*ABOUT THIS TASK:* Please return the lines, both ends included, that run from the one containing "apply: (@cw_step _ _ _ _ _ c') => [i|]." to the last line of the data below, exactly and alone.

++++ SUPPLIED INFORMATION ++++

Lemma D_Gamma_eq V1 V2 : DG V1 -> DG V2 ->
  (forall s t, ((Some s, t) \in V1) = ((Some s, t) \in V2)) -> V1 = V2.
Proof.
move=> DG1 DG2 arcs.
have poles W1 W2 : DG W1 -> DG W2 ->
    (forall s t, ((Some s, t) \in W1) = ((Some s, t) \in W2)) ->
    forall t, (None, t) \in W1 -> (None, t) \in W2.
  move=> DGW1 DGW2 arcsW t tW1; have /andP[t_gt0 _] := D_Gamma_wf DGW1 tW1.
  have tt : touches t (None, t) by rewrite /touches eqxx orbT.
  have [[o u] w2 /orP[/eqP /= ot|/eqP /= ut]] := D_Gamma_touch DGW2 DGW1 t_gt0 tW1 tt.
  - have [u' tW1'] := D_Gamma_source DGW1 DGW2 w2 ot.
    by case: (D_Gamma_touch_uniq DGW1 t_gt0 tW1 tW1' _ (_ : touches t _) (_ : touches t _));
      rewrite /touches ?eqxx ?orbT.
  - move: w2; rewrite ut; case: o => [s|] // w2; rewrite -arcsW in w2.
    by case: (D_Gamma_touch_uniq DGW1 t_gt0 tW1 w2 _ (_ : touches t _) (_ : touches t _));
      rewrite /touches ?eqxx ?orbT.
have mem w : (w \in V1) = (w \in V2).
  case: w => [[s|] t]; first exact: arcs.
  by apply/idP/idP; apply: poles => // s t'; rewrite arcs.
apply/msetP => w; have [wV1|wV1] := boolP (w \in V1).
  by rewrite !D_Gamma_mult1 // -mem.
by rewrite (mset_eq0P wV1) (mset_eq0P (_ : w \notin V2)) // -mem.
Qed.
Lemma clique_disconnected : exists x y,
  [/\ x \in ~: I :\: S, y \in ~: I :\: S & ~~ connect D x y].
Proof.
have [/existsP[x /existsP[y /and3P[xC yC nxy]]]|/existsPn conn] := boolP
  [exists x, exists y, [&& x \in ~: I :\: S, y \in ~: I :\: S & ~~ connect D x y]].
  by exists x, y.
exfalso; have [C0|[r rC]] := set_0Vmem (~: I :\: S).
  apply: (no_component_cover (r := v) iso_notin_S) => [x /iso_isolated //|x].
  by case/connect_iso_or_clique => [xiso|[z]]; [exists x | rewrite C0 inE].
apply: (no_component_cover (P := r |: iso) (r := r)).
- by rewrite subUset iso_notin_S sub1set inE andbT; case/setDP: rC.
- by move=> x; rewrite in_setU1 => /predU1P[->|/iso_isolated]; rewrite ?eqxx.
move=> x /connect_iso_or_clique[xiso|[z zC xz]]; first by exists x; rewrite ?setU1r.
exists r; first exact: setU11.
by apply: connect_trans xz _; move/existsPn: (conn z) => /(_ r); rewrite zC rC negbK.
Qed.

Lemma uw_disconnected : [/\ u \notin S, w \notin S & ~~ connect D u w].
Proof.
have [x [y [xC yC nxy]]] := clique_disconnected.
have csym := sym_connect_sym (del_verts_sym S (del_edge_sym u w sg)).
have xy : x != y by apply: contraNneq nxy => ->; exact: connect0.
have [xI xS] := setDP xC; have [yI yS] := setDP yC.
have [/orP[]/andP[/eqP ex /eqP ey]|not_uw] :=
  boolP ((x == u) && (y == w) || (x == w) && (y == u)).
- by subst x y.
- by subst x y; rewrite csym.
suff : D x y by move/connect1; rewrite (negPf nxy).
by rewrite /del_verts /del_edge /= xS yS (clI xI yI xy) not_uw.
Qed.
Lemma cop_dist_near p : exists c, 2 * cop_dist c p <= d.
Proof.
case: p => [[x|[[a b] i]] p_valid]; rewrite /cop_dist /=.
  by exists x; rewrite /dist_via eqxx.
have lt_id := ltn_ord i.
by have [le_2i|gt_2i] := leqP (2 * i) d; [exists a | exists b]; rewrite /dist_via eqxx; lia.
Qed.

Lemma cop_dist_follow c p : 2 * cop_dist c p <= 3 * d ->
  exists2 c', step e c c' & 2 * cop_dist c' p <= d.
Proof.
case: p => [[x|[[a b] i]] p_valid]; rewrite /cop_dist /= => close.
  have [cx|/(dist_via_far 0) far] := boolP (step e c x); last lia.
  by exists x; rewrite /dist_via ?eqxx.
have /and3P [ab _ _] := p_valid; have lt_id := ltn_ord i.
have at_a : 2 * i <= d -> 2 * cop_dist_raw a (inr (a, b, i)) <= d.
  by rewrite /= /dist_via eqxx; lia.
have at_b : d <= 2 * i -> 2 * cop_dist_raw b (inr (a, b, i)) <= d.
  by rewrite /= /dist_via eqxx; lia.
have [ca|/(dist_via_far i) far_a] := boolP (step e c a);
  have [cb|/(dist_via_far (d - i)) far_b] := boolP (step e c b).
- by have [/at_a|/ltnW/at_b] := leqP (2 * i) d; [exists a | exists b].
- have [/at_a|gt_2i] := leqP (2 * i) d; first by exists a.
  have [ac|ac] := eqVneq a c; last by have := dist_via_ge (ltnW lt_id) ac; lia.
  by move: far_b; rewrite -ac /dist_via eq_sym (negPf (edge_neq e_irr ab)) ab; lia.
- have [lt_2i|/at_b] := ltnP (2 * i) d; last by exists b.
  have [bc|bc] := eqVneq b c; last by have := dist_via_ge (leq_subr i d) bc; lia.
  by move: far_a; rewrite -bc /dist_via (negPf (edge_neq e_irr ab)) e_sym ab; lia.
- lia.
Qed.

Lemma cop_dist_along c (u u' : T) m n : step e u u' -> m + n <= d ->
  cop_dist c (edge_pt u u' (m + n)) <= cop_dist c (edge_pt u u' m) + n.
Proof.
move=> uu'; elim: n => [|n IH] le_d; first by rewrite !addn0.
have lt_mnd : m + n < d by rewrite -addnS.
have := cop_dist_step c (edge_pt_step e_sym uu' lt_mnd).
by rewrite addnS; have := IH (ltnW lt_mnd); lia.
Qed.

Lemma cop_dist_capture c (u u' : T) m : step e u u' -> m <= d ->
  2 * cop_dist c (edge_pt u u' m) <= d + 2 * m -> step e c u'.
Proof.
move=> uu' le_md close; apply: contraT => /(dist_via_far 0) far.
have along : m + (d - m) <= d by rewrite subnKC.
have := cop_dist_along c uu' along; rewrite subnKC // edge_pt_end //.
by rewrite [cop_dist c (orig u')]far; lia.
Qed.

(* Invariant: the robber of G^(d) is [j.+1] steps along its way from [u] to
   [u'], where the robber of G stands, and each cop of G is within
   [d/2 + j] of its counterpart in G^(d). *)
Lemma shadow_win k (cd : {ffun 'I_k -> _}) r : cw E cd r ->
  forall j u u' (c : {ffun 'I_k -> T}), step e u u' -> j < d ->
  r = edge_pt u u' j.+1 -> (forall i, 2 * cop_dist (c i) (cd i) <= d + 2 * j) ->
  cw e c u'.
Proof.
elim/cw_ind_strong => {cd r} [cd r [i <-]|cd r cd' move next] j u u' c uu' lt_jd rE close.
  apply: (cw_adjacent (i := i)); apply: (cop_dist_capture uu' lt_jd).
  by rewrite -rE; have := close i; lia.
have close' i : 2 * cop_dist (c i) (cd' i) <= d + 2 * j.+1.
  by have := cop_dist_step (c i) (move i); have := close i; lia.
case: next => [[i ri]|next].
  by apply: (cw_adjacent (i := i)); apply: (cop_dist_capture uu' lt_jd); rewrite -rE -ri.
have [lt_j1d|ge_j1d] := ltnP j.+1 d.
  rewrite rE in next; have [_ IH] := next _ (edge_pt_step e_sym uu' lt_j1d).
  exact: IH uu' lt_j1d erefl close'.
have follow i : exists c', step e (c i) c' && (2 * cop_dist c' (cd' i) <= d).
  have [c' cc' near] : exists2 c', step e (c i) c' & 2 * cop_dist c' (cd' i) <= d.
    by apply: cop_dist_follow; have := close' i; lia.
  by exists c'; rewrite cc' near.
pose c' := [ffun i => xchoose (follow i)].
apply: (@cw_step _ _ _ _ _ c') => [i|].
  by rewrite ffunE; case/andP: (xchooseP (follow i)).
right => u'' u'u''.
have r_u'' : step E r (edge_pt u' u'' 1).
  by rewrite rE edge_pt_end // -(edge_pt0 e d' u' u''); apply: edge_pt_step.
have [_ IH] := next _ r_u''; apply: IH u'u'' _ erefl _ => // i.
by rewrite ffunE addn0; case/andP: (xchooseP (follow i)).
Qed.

++++

*RESULT OF THE EXERCISE:*
apply: (@cw_step _ _ _ _ _ c') => [i|].
  by rewrite ffunE; case/andP: (xchooseP (follow i)).
right => u'' u'u''.
have r_u'' : step E r (edge_pt u' u'' 1).
  by rewrite rE edge_pt_end // -(edge_pt0 e d' u' u''); apply: edge_pt_step.
have [_ IH] := next _ r_u''; apply: IH u'u'' _ erefl _ => // i.
by rewrite ffunE addn0; case/andP: (xchooseP (follow i)).
Qed.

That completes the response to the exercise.